Тут же намечается и образ Скаловского — молодого, критически настроенного офицера, примкнувшего потом к Пугачевскому восстанию. По-видимому, Короленко предполагал сделать его одним из главных героев первого плана, противопоставив М.А. Шванвичу, который тоже перешел на сторону Пугачева, но руководствовался при этом личными, эгоистическими побуждениями. В отношении Шванвича Короленко делал в 1903 г. специальный запрос в Оренбург А.И. Мякутину, члену Оренбургской ученой архивной комиссии: «Было бы большой услугой истории, — писал он, — если бы удалось разыскать подробности о некоторых сподвижниках Пугачева. Меня лично интересует предыдущая служба Шванвича, который потом передался Пугачеву, а также: за что, особенно, был сослан и содержался в Оренбурге известный Хлопуша, как его звали. В Уральском войсковом архиве я нашел указание, что Шванвич служил в самом Оренбурге, года за 2 до Пугачевщины»5.

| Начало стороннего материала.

Definition s_plus (th : B -> B) (u0 : X) (us : seq X) (z : X) : nat :=
  count (fun p : X * X => (p.1 < p.2) &&
           [exists w : X, (z < w) && (thmap th (z, w) == Some p)]) (steps u0 us).
Definition s_minus (th : B -> B) (u0 : X) (us : seq X) (z : X) : nat :=
  count (fun p : X * X => (p.2 < p.1) &&
           [exists w : X, (z < w) && (thmap th (z, w) == Some (p.2, p.1))]) (steps u0 us).
Definition t_plus (th : B -> B) (u0 : X) (us : seq X) (z : X) : nat :=
  count (fun p : X * X => (p.1 < p.2) &&
           [exists w : X, (w < z) && (thmap th (w, z) == Some p)]) (steps u0 us).
Definition t_minus (th : B -> B) (u0 : X) (us : seq X) (z : X) : nat :=
  count (fun p : X * X => (p.2 < p.1) &&
           [exists w : X, (w < z) && (thmap th (w, z) == Some (p.2, p.1))]) (steps u0 us).

Definition balanced (th : B -> B) (u0 : X) (us : seq X) (z : X) : Prop :=
  ((s_plus th u0 us z)%:Z - (s_minus th u0 us z)%:Z =
   (t_plus th u0 us z)%:Z - (t_minus th u0 us z)%:Z)%R.

Definition admissible (th : B -> B) : Prop :=
  forall (u0 : X) (us : seq X), closed_walk u0 us -> forall z : X, balanced th u0 us z.

Definition inAM (th : B -> B) : Prop := inM th /\ admissible th.

(* Weak crown x1 < y1 > x2 < y2 > ... > xn < yn > x1, with xs = x1 :: xr,
   as the closed semiwalk u0 = x1, us = y1, x2, y2, x3, ..., yn, x1. *)
Definition crown_walk (x1 : X) (xr ys : seq X) : seq X :=
  flatten [seq [:: p.1; p.2] | p <- zip ys (rcons xr x1)].

Definition weak_crown (x1 : X) (xr ys : seq X) : bool :=
  [&& (2 <= size ys)%N, size ys == (size xr).+1,
      uniq (x1 :: xr ++ ys),
      all (fun p : X * X => p.1 < p.2) (zip (x1 :: xr) ys) &
      all (fun p : X * X => p.2 < p.1) (zip ys (rcons xr x1))].

End PosetDefs.

(* Fix z and let w(u, v) be the contribution of a step u, v of a walk to
   s^+ - s^- - t^+ + t^- at z, so that a walk is balanced at z iff its w-sum
   vanishes; w is antisymmetric.  The point is that w is additive along chains,
   w(a, c) = w(a, b) + w(b, c) for a < b < c.  Indeed theta maps the pairs of each
   maximal chain onto the pairs of a maximal chain; being injective, it permutes
   these finitely many sets of pairs, so the pairs of a maximal chain through
   a, b, c come from a maximal chain, and theta^-1 carries e_ab, e_bc, e_ac to
   e_pq, e_qr, e_pr (or to e_qr, e_pq, e_pr) for some p < q < r.
   For an antisymmetric w additive along chains, a step between comparable
   elements has the same w-sum as a saturated chain between them, so weak crowns
   may be replaced by closed walks.  Conversely a closed semiwalk splits at a
   repeated vertex into two shorter ones, loses the middle vertex of any monotone
   triple a < b < c, and otherwise, rooted at a minimal vertex, is a weak crown
   (or has at most two steps). *)

From mathcomp Require Import all_boot all_order all_algebra zify ring.
Set Implicit Arguments. Unset Strict Implicit. Unset Printing Implicit Defensive.
Import Order.Theory GRing.Theory.
Local Open Scope order_scope.

Section WalkSum.
Variables (T : eqType) (R : zmodType) (G : T -> T -> R).

Definition walk_sum (x : T) (s : seq T) : R := (\sum_(v <- pairmap G x s) v)%R.

Lemma walk_sum_nil x : walk_sum x [::] = 0%R.
Proof. exact: big_nil. Qed.

Lemma walk_sum_cons x y s : walk_sum x (y :: s) = (G x y + walk_sum y s)%R.
Proof. exact: big_cons. Qed.

Lemma walk_sum_cat x s1 s2 :
  walk_sum x (s1 ++ s2) = (walk_sum x s1 + walk_sum (last x s1) s2)%R.
Proof. by rewrite /walk_sum pairmap_cat big_cat. Qed.

Lemma nonuniq_decomp (s : seq T) : ~~ uniq s ->
  exists s1 a s2 s3, s = rcons s1 a ++ rcons s2 a ++ s3.
Proof.
elim: s => [|h s IH] //=; rewrite negb_and negbK => /orP[/splitPr[s2 s3]|].
  by exists [::], h, s2, s3; rewrite /= cat_rcons.
by case/IH=> s1 [a [s2 [s3 ->]]]; exists (h :: s1), a, s2, s3.
Qed.

Variable e : rel T.

Lemma closed_walk_excise x s : path e x s -> last x s = x -> ~~ uniq s ->
  exists a t1 t2, [/\ path e a t1 && (last a t1 == a),
    path e x t2 && (last x t2 == x), size t1 < size s, size t2 < size s
    & walk_sum x s = (walk_sum a t1 + walk_sum x t2)%R]%N.
Proof.
move=> p l /nonuniq_decomp[s1 [a [s2 [s3 Es]]]]; subst s.
move: p l; rewrite !cat_path !last_cat !last_rcons => /and3P[p1 p2 p3] l.
exists a, (rcons s2 a), (rcons s1 a ++ s3); split.
- by rewrite p2 last_rcons eqxx.
- by rewrite cat_path p1 last_rcons p3 last_cat last_rcons l eqxx.
- by rewrite !size_cat !size_rcons; lia.
- by rewrite !size_cat !size_rcons; lia.
by rewrite !walk_sum_cat !last_rcons addrCA addrA.
Qed.

Lemma closed_walk_rot x s m : path e x s -> last x s = x -> m \in s ->
  exists t, [/\ path e m t, last m t = m, perm_eq s t & walk_sum m t = walk_sum x s].
Proof.
move=> p l /splitPr Es; case: Es p l => s1 s2; rewrite -cat_rcons => p l.
have lm : last m s2 = x by rewrite -(last_rcons x s1 m) -last_cat.
move: p; rewrite cat_path last_rcons => /andP[p1 p2].
exists (s2 ++ rcons s1 m); split.
- by rewrite cat_path p2 lm.
- by rewrite last_cat lm last_rcons.
- by rewrite perm_catC.
by rewrite !walk_sum_cat lm last_rcons addrC.
Qed.

End WalkSum.

Section Fences.
Context {d : Order.disp_t} {X : finPOrderType d}.
Implicit Types (a b c e w x y : X) (s t xr ys : seq X).

Definition between a b c : bool := (a < b < c) || (c < b < a).

Lemma betweenC a b c : between a b c = between c b a.
Proof. by rewrite /between orbC. Qed.

Lemma between_xxy a b : between a a b = false.
Proof. by rewrite /between !ltxx andbF. Qed.

Lemma between_xyy a b : between a b b = false.
Proof. by rewrite /between !ltxx andbF. Qed.

Lemma between_scompl a b c : between a b c -> scomp a b.
Proof. by rewrite /scomp => /orP[]/andP[h1 h2]; rewrite ?h1 ?h2 ?orbT. Qed.

Lemma between_scompr a b c : between a b c -> scomp b c.
Proof. by rewrite /scomp => /orP[]/andP[h1 h2]; rewrite ?h1 ?h2 ?orbT. Qed.

Lemma between_scomp a b c : between a b c -> scomp a c.
Proof. by rewrite /scomp => /orP[]/andP[/lt_trans h /h ->]; rewrite ?orbT. Qed.

Lemma between_trans a w b y : between a w b -> between a y w -> between a y b.
Proof.
rewrite /between => /orP[]/andP[aw wb] /orP[]/andP[ay yw].
- by rewrite ay (lt_trans yw wb).
- by have := lt_trans (lt_trans aw ay) yw; rewrite ltxx.
- by have := lt_trans (lt_trans ay yw) wb; rewrite ltxx.
- by rewrite (lt_trans aw ay) yw orbT.
Qed.

Lemma not_between_down a b c : a < b -> ~~ between a b c -> scomp b c -> c < b.
Proof. by rewrite /between /scomp => -> /= /norP[/negPf -> _]. Qed.

Lemma not_between_up a b c : b < a -> ~~ between a b c -> scomp b c -> b < c.
Proof.
by rewrite /between /scomp => ->; rewrite andbT => /norP[_ /negPf ->]; rewrite orbF.
Qed.

Lemma scompC a b : scomp a b = scomp b a.
Proof. by rewrite /scomp orbC. Qed.

Lemma scomp_lt a b : scomp a b -> ~~ (b < a) -> a < b.
Proof. by case/orP=> // ->. Qed.

Lemma no_between_covcomp a b : scomp a b -> (forall y, ~~ between a y b) -> covcomp a b.
Proof.
rewrite /covcomp /covers => /orP[] -> nb; apply/orP; [left | right];
  by apply/forallP => y; have /norP[] := nb y.
Qed.

Fixpoint zigzag s : bool :=
  if s is a :: s' then
    if s' is b :: c :: _ then ~~ between a b c && zigzag s' else true
  else true.

Lemma zigzag_cons a b c s :
  zigzag [:: a, b, c & s] = ~~ between a b c && zigzag [:: b, c & s].
Proof. by []. Qed.

Lemma zigzag_behead s : zigzag s -> zigzag (behead s).
Proof. by case: s => [|a [|b [|c s]]] //= /andP[]. Qed.

Lemma seq_minimal s : s != [::] -> exists2 m, m \in s & {in s, forall y, ~~ (y < m)}.
Proof.
case: s => [//|x0 s] _.
case: (@arg_minnP _ x0 (mem (x0 :: s)) (fun m => #|[set y | y < m]|)) => [|m ms mmin].
  exact: mem_head.
exists m => // y ys; apply/negP => ym; have := mmin y ys; apply/negP; rewrite -ltnNge.
apply: proper_card; apply/properP; split; last by exists y; rewrite !inE ?ltxx.
by apply/subsetP => w; rewrite !inE => /lt_trans; apply.
Qed.

Definition interleave ys xs : seq X := flatten [seq [:: p.1; p.2] | p <- zip ys xs].

Lemma interleave_cons y ys x xs :
  interleave (y :: ys) (x :: xs) = y :: x :: interleave ys xs.
Proof. by []. Qed.

Lemma perm_interleave ys xs : size ys = size xs -> perm_eq (interleave ys xs) (ys ++ xs).
Proof.
elim: ys xs => [|y ys IH] [|x xs] //= [/IH IHys]; rewrite interleave_cons perm_cons.
by rewrite -[x :: xs]cat1s perm_sym perm_catCA perm_cons perm_sym.
Qed.

Definition fence a e xr ys : bool :=
  [&& size ys == (size xr).+1, all (fun p : X * X => p.1 < p.2) (zip (a :: xr) ys)
    & all (fun p : X * X => p.2 < p.1) (zip ys (rcons xr e))].

Lemma weak_crownE x1 xr ys :
  weak_crown x1 xr ys = [&& 1 < size ys, uniq (x1 :: xr ++ ys) & fence x1 x1 xr ys]%N.
Proof. by rewrite /weak_crown /fence; do 2!bool_congr. Qed.

Lemma fence_path a e xr ys : fence a e xr ys ->
  path scomp a (interleave ys (rcons xr e)) /\ last a (interleave ys (rcons xr e)) = e.
Proof.
rewrite /fence; elim: ys xr a => [|y ys IH] [|x xr] a //=.
  by case: ys {IH} => //= /and3P[/andP[ay _] ey _]; rewrite /scomp ay ey orbT.
move=> /and4P[sz /andP[ay up] xy dn]; rewrite /scomp ay xy orbT /=.
exact/IH/and3P.
Qed.

Lemma zigzag_fence a t e : path scomp a (rcons t e) -> zigzag (a :: rcons t e) ->
  a < head e t -> e < last a t ->
  exists xr ys, rcons t e = interleave ys (rcons xr e) /\ fence a e xr ys.
Proof.
move: {2}(size t) (leqnn (size t)) => n; elim: n a t => [|n IH] a [|y [|x t]] //.
- by move=> _ _ _ /lt_trans h /h; rewrite ltxx.
- by move=> _ _ _ /lt_trans h /h; rewrite ltxx.
- by move=> _ _ _ ay ey; exists [::], [:: y]; rewrite /fence /= ay ey.
rewrite ltnS [rcons _ e]/= [path _ _ _]/= => /ltnW sz /and3P[_ yx p] zz ay ex.
have zz' : zigzag (x :: rcons t e) := zigzag_behead (zigzag_behead zz).
rewrite [rcons _ e]/= headI in zz; case/andP: zz => ayx /andP[yxh _].
have xy : x < y := not_between_down ay ayx yx.
have xh : x < head e t.
  by apply: (not_between_up xy yxh); move: (p); rewrite headI => /andP[].
have [xr [ys [E F]]] := IH x t sz p zz' xh ex.
exists (x :: xr), (y :: ys); split; first by rewrite [rcons _ e]/= interleave_cons -E.
by move: F; rewrite /fence /= ay xy.
Qed.
Lemma tall_svd_blocks {m n} {X : 'M[C]_(m, n)} {Pp Po s Psi} :
  tall_svd X Pp Po s Psi ->
  [/\ Pp^t* *m Pp = 1%:M, Po^t* *m Po = 1%:M, Pp^t* *m Po = 0, Po^t* *m Pp = 0 &
      Pp *m Pp^t* + Po *m Po^t* = 1%:M].
Proof. by case=> _ [uP uPt] _ _ _; apply: unitary_row_mx_blocks. Qed.

Lemma tall_svd_factor {m n} {X : 'M[C]_(m, n)} {Pp Po s Psi} :
  tall_svd X Pp Po s Psi -> \rank X = n ->
  exists2 D : 'M[C]_n, X = Pp *m D & D \in unitmx.
Proof.
case=> _ _ _ _ ->; rewrite mul_row_col mulmx0 addr0 -mulmxA => rkX.
exists (diag_mx s *m Psi^t*) => //; rewrite -row_free_unit /row_free eqn_leq.
by rewrite rank_leq_col -{1}rkX mxrankM_maxr.
Qed.

Lemma gram_push_through {a b c d} (W00 : 'M[C]_(a, c)) (W01 : 'M[C]_(a, b))
    (W10 : 'M[C]_(d, c)) :
  W00^t* *m W00 + W10^t* *m W10 = 1%:M -> W00 *m W00^t* + W01 *m W01^t* = 1%:M ->
  W01 *m W01^t* \in unitmx -> W10^t* *m W10 \in unitmx ->
  invmx (W10^t* *m W10) *m W00^t* = W00^t* *m invmx (W01 *m W01^t*).
Proof.
move=> col_sum row_sum uS uT.
(* both sides equal W00^H - W00^H W00 W00^H *)
have push : W10^t* *m W10 *m W00^t* = W00^t* *m (W01 *m W01^t*).
  rewrite -(addKr (W00^t* *m W00) (W10^t* *m W10)) -(addKr (W00 *m W00^t*) (W01 *m W01^t*)).
  by rewrite col_sum row_sum mulmxDl mulmxDr mul1mx mulmx1 mulNmx mulmxN !mulmxA.
by rewrite -{1}(mulmxK uS (W00^t*)) -push -(mulmxA (W10^t* *m W10)) mulKmx.
Qed.

End Blocks.

Lemma colmat_mul {C : numClosedFieldType} {N p} k (A : 'M[C]_(p, N))
    (f : nat -> 'cV[C]_N) :
  colmat k (fun j => A *m f j) = A *m colmat k f.
Proof. by apply/matrixP => i j; rewrite !mxE; apply: eq_bigr => l _; rewrite !mxE. Qed.

Lemma colmat_delta {C : numClosedFieldType} {N k} (f : nat -> 'cV[C]_N) {tau}
    (lt_tau : (tau < k)%N) :
  f tau = colmat k f *m delta_mx (Ordinal lt_tau) 0.
Proof. by rewrite -colE; apply/matrixP => i j; rewrite !mxE (ord1 j). Qed.

Section VbarCoordinates.
Context {C : numClosedFieldType} {N a c : nat}.
Context {V : 'M[C]_N} {P1 : 'M[C]_(N, a)} {P2 : 'M[C]_(N, N - a)}
  {R1 : 'M[C]_(N, c)} {R2 : 'M[C]_(N, N - c)} {D : 'M[C]_a} {E : 'M[C]_c}
  {Q B : 'M[C]_(N, a)} {M H : 'M[C]_(N, c)}.
Hypotheses (VVt : V *m V^t* = 1%:M) (VtV : V^t* *m V = 1%:M).
Hypotheses (P1tP1 : P1^t* *m P1 = 1%:M) (P2tP2 : P2^t* *m P2 = 1%:M)
  (P1tP2 : P1^t* *m P2 = 0) (P2tP1 : P2^t* *m P1 = 0)
  (P_sum : P1 *m P1^t* + P2 *m P2^t* = 1%:M).
Hypotheses (R1tR1 : R1^t* *m R1 = 1%:M) (R2tR2 : R2^t* *m R2 = 1%:M)
  (R1tR2 : R1^t* *m R2 = 0) (R2tR1 : R2^t* *m R1 = 0)
  (R_sum : R1 *m R1^t* + R2 *m R2^t* = 1%:M).
Hypotheses (D_unit : D \in unitmx) (E_unit : E \in unitmx).
Hypotheses (Q_svd : Q = P1 *m D) (M_svd : M = R1 *m E).
Hypotheses (B_def : B = V^t* *m Q) (H_def : H = V *m M).
Hypotheses (MB_full : \rank (Pperp M *m B) = a) (QH_full : \rank (Pperp Q *m H) = c).

Let W00 := P1^t* *m V *m R1.
Let W01 := P1^t* *m V *m R2.
Let W10 := P2^t* *m V *m R1.
Let S := W01 *m W01^t*.
Let T := W10^t* *m W10.
Let W11bar := - (W10 *m W00^t* *m invmx S *m W01).
Let Vb := Vbar Q B M H P1 P2 R1 R2.

Let tpinv_Q : tpinv Q = invmx D *m P1^t*.
Proof. by rewrite Q_svd tpinv_svd. Qed.

Let tpinv_M : tpinv M = invmx E *m R1^t*.
Proof. by rewrite M_svd tpinv_svd. Qed.

Let Pperp_Q : Pperp Q = P2 *m P2^t*.
Proof. by rewrite Q_svd (Pperp_svd _ _ _ P1tP1 P_sum). Qed.

Let Pperp_M : Pperp M = R2 *m R2^t*.
Proof. by rewrite M_svd (Pperp_svd _ _ _ R1tR1 R_sum). Qed.

Let Pperp_M_B : Pperp M *m B = R2 *m W01^t* *m D.
Proof. by rewrite Pperp_M B_def Q_svd /W01 !adjmxM trmxCK !mulmxA. Qed.

Let Pperp_Q_H : Pperp Q *m H = P2 *m W10 *m E.
Proof. by rewrite Pperp_Q H_def M_svd /W10 !mulmxA. Qed.

Let S_unit : S \in unitmx.
Proof.
move: MB_full; rewrite Pperp_M_B mxrankMfree ?row_free_unit // mxrank_isometry //.
by move=> /unitmx_gram; rewrite trmxCK.
Qed.

Let T_unit : T \in unitmx.
Proof.
move: QH_full; rewrite Pperp_Q_H mxrankMfree ?row_free_unit // mxrank_isometry //.
exact: unitmx_gram.
Qed.

Let invS_herm : (invmx S)^t* = invmx S.
Proof. by rewrite adjmx_inv /S adjmxM trmxCK. Qed.

Let invT_herm : (invmx T)^t* = invmx T.
Proof. by rewrite adjmx_inv /T adjmxM trmxCK. Qed.

Let W_col_sum : W00^t* *m W00 + W10^t* *m W10 = 1%:M.
Proof.
have <- : R1^t* *m V^t* *m (P1 *m P1^t* + P2 *m P2^t*) *m V *m R1 = 1%:M.
  by rewrite P_sum mulmx1 (mulmx_cancelr VtV) R1tR1.
by rewrite mulmxDr !mulmxDl /W00 /W10 !adjmxM !trmxCK !mulmxA.
Qed.

Let W_row_sum : W00 *m W00^t* + W01 *m W01^t* = 1%:M.
Proof.
have <- : P1^t* *m V *m (R1 *m R1^t* + R2 *m R2^t*) *m V^t* *m P1 = 1%:M.
  by rewrite R_sum mulmx1 (mulmx_cancelr VVt) P1tP1.
by rewrite mulmxDr !mulmxDl /W00 /W01 !adjmxM trmxCK !mulmxA.
Qed.

Let push : invmx T *m W00^t* = W00^t* *m invmx S.
Proof. exact: gram_push_through W_col_sum W_row_sum S_unit T_unit. Qed.

Let V00_W : V00 Q B P1 R1 = W00.
Proof.
rewrite /V00 tpinv_Q (mulmx_cancelr P1tP1) B_def Q_svd !adjmxM trmxCK !mulmxA.
by rewrite -adjmxM mulmxV // adjmx1 mul1mx.
Qed.

Let V01_W : V01 Q B P1 R2 = W01.
Proof.
rewrite /V01 tpinv_Q (mulmx_cancelr P1tP1) B_def Q_svd !adjmxM trmxCK !mulmxA.
by rewrite -adjmxM mulmxV // adjmx1 mul1mx.
Qed.

Let V10_W : V10 M H P2 R1 = W10.
Proof.
by rewrite /V10 tpinv_M H_def M_svd !mulmxA (mulmxK E_unit) (mulmx_cancelr R1tR1).
Qed.

Let V11bar_W : V11bar Q B M H P1 P2 R1 R2 = W11bar.
Proof.
rewrite /V11bar V00_W V01_W V10_W /wpinv -/S !adjmxM invS_herm.
by rewrite /W11bar /W00 /W01 /W10 !adjmxM !trmxCK !mulmxA.
Qed.

Let Vbar_blocks : Vb = row_mx P1 P2 *m block_mx W00 W01 W10 W11bar *m (row_mx R1 R2)^t*.
Proof. by rewrite /Vb /Vbar V00_W V01_W V10_W V11bar_W. Qed.

Let P1t_Vbar : P1^t* *m Vb = P1^t* *m V.
Proof.
rewrite Vbar_blocks adjmx_row_mx !mulmxA mul_mx_row P1tP1 P1tP2 mul_row_block.
rewrite !mul1mx !mul0mx !addr0 mul_row_col.
by rewrite -[RHS]mulmx1 -R_sum mulmxDr /W00 /W01 !mulmxA.
Qed.

Let P2t_Vbar : P2^t* *m Vb = W10 *m R1^t* + W11bar *m R2^t*.
Proof.
rewrite Vbar_blocks adjmx_row_mx !mulmxA mul_mx_row P2tP1 P2tP2 mul_row_block.
by rewrite !mul1mx !mul0mx !add0r mul_row_col.
Qed.

Let Vbar_R1 : Vb *m R1 = V *m R1.
Proof.
rewrite Vbar_blocks adjmx_row_mx -mulmxA mul_col_mx R1tR1 R2tR1 -mulmxA mul_block_col.
rewrite !mulmx1 !mulmx0 !addr0 mul_row_col.
by rewrite -[RHS]mul1mx -P_sum mulmxDl /W00 /W10 !mulmxA.
Qed.

Let Vbar_R2 : Vb *m R2 = P1 *m W01 + P2 *m W11bar.
Proof.
rewrite Vbar_blocks adjmx_row_mx -mulmxA mul_col_mx R1tR2 R2tR2 -mulmxA mul_block_col.
by rewrite !mulmx1 !mulmx0 !add0r mul_row_col.
Qed.

Let B_gram m (Y : 'M[C]_(m, N)) :
  Y *m B *m invmx (B^t* *m Pperp M *m B) *m B^t* = Y *m V^t* *m P1 *m invmx S *m P1^t* *m V.
Proof.
have -> : B^t* *m Pperp M *m B = D^t* *m S *m D.
  by rewrite Pperp_M B_def Q_svd /S /W01 !adjmxM !trmxCK !mulmxA.
rewrite (invmx_congruence D_unit S_unit) B_def Q_svd !adjmxM trmxCK !mulmxA.
by rewrite (mulmxK D_unit) mulmxKV ?unitmx_adj.
Qed.

Let H_gram m (Y : 'M[C]_(m, N)) :
  Y *m H *m invmx (H^t* *m Pperp Q *m H) *m H^t* = Y *m V *m R1 *m invmx T *m R1^t* *m V^t*.
Proof.
have -> : H^t* *m Pperp Q *m H = E^t* *m T *m E.
  by rewrite Pperp_Q H_def M_svd /T /W10 !adjmxM !trmxCK !mulmxA.
rewrite (invmx_congruence E_unit T_unit) H_def M_svd !adjmxM !mulmxA.
by rewrite (mulmxK E_unit) mulmxKV ?unitmx_adj.
Qed.

Let P2t_H_Gamma : P2^t* *m H *m Gamma M B = W10 *m R1^t* + W11bar *m R2^t*.
Proof.
rewrite /Gamma tpinv_M mulmxBr !mulmxA B_gram Pperp_M H_def M_svd !mulmxA (mulmxK E_unit).
by rewrite /W11bar /W10 /W00 /W01 mulNmx !adjmxM !trmxCK !mulmxA.
Qed.

Let R2t_B_Delta :
  R2^t* *m B *m Delta Q H = W01^t* *m P1^t* - W01^t* *m W00 *m invmx T *m W10^t* *m P2^t*.
Proof.
rewrite /Delta tpinv_Q mulmxBr !mulmxA H_gram Pperp_Q B_def Q_svd !mulmxA (mulmxK D_unit).
by rewrite /W10 /W00 /W01 !adjmxM !trmxCK !mulmxA.
Qed.

Let Vbar_adj_Q : Vb^t* *m Q = B.
Proof.
rewrite B_def Q_svd !mulmxA; congr (_ *m D).
by rewrite -[LHS]trmxCK adjmxM trmxCK P1t_Vbar adjmxM trmxCK.
Qed.

Let Vbar_M : Vb *m M = H.
Proof. by rewrite H_def M_svd !mulmxA Vbar_R1. Qed.

Let Vbar_adj_P2 : Vb^t* *m P2 = (Gamma M B)^t* *m H^t* *m P2.
Proof.
have <- : (P2^t* *m Vb)^t* = Vb^t* *m P2 by rewrite adjmxM trmxCK.
by rewrite P2t_Vbar -P2t_H_Gamma !adjmxM trmxCK mulmxA.
Qed.

Let Vbar_R2_Delta : Vb *m R2 = (Delta Q H)^t* *m B^t* *m R2.
Proof.
have -> : (Delta Q H)^t* *m B^t* *m R2 = (R2^t* *m B *m Delta Q H)^t*.
  by rewrite !adjmxM trmxCK !mulmxA.
rewrite Vbar_R2 R2t_B_Delta adjmxB !adjmxM !trmxCK invT_herm /W11bar mulmxN.
by rewrite -(mulmxA W10 (W00^t*)) -push /W00 /W01 /W10 !adjmxM !trmxCK !mulmxA.
Qed.

Let proj_V01 : R2 *m wPperp (V01 Q B P1 R2) *m R2^t* = Pperp M - Ppar (Pperp M *m B).
Proof.
rewrite V01_W wPperp_adj Pperp_isometry // -Pperp_M Pperp_M_B Ppar_mulmx_unit //.
by rewrite adjmxM trmxCK !mulmxA (mulmx_cancelr R2tR2).
Qed.

Let proj_V10 : P2 *m Pperp (V10 M H P2 R1) *m P2^t* = Pperp Q - Ppar (Pperp Q *m H).
Proof.
rewrite V10_W Pperp_isometry // -Pperp_Q Pperp_Q_H Ppar_mulmx_unit //.
by rewrite adjmxM mulmxA (mulmx_cancelr P2tP2).
Qed.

Скаловский характеризуется как человек «с большими странностями», «мечтатель». У него обостренная восприимчивость к страданиям. В той части, где рассказывается о службе Скаловского, напрашивается некоторая параллель с «Капитанской дочкой». Отец Скаловского, старик-фрондер, ушедший (В отставку, узнав, что его сын попал в фавор и замечен Екатериной, приказывает ему немедленно перевестись из гвардии в армию и, покинув столицу, уехать на окраину. Так, Скаловский очутился в Яицком городке и стал просить причислить его к казакам. «Записка», которую он представляет графу Орлову, а через него — Екатерине, характеризует его как человека незаурядного, прямого и честно мыслящего. Переход Скаловского на сторону Пугачева был поступком осознанным и не случайным, а мотивированным высокими идейными побуждениями.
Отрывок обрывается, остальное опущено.